-- Material provided follows --

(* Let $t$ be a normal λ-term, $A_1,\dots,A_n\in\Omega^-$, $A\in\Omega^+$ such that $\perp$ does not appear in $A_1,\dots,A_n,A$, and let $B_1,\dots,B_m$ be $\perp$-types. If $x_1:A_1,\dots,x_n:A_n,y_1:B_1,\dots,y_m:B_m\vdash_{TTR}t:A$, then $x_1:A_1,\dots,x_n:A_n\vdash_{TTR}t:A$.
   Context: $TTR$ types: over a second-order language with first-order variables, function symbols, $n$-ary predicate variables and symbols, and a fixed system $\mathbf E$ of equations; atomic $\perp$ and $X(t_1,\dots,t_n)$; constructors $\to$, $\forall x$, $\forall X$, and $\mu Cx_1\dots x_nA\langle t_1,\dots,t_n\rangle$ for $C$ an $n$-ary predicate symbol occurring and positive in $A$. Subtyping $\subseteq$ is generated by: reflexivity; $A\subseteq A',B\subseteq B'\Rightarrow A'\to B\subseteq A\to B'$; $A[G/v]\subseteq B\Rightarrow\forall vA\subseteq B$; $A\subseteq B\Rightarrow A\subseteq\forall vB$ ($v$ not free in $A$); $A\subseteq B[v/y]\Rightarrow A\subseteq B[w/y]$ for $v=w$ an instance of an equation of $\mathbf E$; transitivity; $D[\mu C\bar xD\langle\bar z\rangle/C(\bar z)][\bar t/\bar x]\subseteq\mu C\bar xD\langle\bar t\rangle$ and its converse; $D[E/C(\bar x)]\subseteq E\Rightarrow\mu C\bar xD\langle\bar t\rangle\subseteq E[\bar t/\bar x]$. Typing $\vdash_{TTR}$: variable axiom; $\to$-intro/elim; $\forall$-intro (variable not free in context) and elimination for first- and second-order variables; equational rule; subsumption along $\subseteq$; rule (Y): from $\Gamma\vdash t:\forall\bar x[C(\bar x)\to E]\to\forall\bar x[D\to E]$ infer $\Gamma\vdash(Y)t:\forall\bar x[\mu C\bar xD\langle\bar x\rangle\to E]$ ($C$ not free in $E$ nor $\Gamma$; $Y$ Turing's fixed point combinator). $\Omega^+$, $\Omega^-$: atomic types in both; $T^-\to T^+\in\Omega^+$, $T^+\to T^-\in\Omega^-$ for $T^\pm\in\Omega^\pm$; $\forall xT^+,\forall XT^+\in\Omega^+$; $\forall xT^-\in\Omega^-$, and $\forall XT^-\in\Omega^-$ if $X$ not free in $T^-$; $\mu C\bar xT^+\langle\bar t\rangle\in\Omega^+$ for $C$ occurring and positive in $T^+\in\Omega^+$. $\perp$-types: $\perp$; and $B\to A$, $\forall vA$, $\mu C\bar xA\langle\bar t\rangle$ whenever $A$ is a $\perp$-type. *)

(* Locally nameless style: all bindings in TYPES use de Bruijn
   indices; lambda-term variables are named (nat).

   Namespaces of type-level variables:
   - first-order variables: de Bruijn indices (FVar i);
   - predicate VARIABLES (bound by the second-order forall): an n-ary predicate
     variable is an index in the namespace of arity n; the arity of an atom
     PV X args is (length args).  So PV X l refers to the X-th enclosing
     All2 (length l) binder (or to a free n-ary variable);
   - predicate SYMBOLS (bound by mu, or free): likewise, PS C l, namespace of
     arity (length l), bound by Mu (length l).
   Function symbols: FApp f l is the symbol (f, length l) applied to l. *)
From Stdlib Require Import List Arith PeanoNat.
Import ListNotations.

-- Material provided concluded --
-- Material provided follows --

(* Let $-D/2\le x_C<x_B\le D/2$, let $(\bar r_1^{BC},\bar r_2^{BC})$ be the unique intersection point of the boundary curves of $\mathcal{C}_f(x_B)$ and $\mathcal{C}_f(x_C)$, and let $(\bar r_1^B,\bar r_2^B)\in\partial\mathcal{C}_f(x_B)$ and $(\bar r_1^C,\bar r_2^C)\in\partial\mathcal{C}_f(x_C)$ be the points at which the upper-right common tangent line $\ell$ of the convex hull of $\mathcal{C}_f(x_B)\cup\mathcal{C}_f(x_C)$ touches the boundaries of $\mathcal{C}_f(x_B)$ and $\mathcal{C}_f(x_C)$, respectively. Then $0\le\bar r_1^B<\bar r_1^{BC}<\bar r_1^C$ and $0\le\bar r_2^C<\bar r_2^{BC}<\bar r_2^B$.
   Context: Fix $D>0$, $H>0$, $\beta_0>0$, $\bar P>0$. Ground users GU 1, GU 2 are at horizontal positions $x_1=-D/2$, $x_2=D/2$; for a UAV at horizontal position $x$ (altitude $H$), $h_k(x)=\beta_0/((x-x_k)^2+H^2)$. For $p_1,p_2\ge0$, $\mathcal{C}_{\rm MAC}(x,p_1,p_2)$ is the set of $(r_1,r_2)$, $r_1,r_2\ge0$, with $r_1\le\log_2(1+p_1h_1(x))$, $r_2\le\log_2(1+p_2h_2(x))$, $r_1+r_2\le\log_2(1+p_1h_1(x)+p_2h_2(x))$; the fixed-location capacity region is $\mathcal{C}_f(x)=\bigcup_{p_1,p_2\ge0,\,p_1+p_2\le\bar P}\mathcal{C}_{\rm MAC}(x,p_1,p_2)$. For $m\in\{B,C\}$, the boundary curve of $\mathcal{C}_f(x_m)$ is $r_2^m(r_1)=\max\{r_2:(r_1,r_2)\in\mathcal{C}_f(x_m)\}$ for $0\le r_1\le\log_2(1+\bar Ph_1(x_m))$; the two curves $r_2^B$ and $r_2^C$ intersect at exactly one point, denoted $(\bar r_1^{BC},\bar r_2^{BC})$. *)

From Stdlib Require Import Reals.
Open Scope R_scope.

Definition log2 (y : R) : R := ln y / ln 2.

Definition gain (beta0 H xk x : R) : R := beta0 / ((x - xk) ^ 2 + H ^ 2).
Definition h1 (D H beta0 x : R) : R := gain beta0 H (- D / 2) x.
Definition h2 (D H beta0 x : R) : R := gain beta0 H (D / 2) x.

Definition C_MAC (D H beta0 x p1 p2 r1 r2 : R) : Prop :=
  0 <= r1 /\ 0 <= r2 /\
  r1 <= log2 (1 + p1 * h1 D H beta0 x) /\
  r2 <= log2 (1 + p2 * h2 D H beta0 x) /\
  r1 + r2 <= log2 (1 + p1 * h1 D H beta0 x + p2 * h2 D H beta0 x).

-- Material provided concluded --

■ Work instructions
The lines above, starting at the one with "- predicate SYMBOLS" and ending at the one with "Import ListNotations.", are the only ones to return, exactly as written.

■ Solution
   - predicate SYMBOLS (bound by mu, or free): likewise, PS C l, namespace of
     arity (length l), bound by Mu (length l).
   Function symbols: FApp f l is the symbol (f, length l) applied to l. *)
From Stdlib Require Import List Arith PeanoNat.
Import ListNotations.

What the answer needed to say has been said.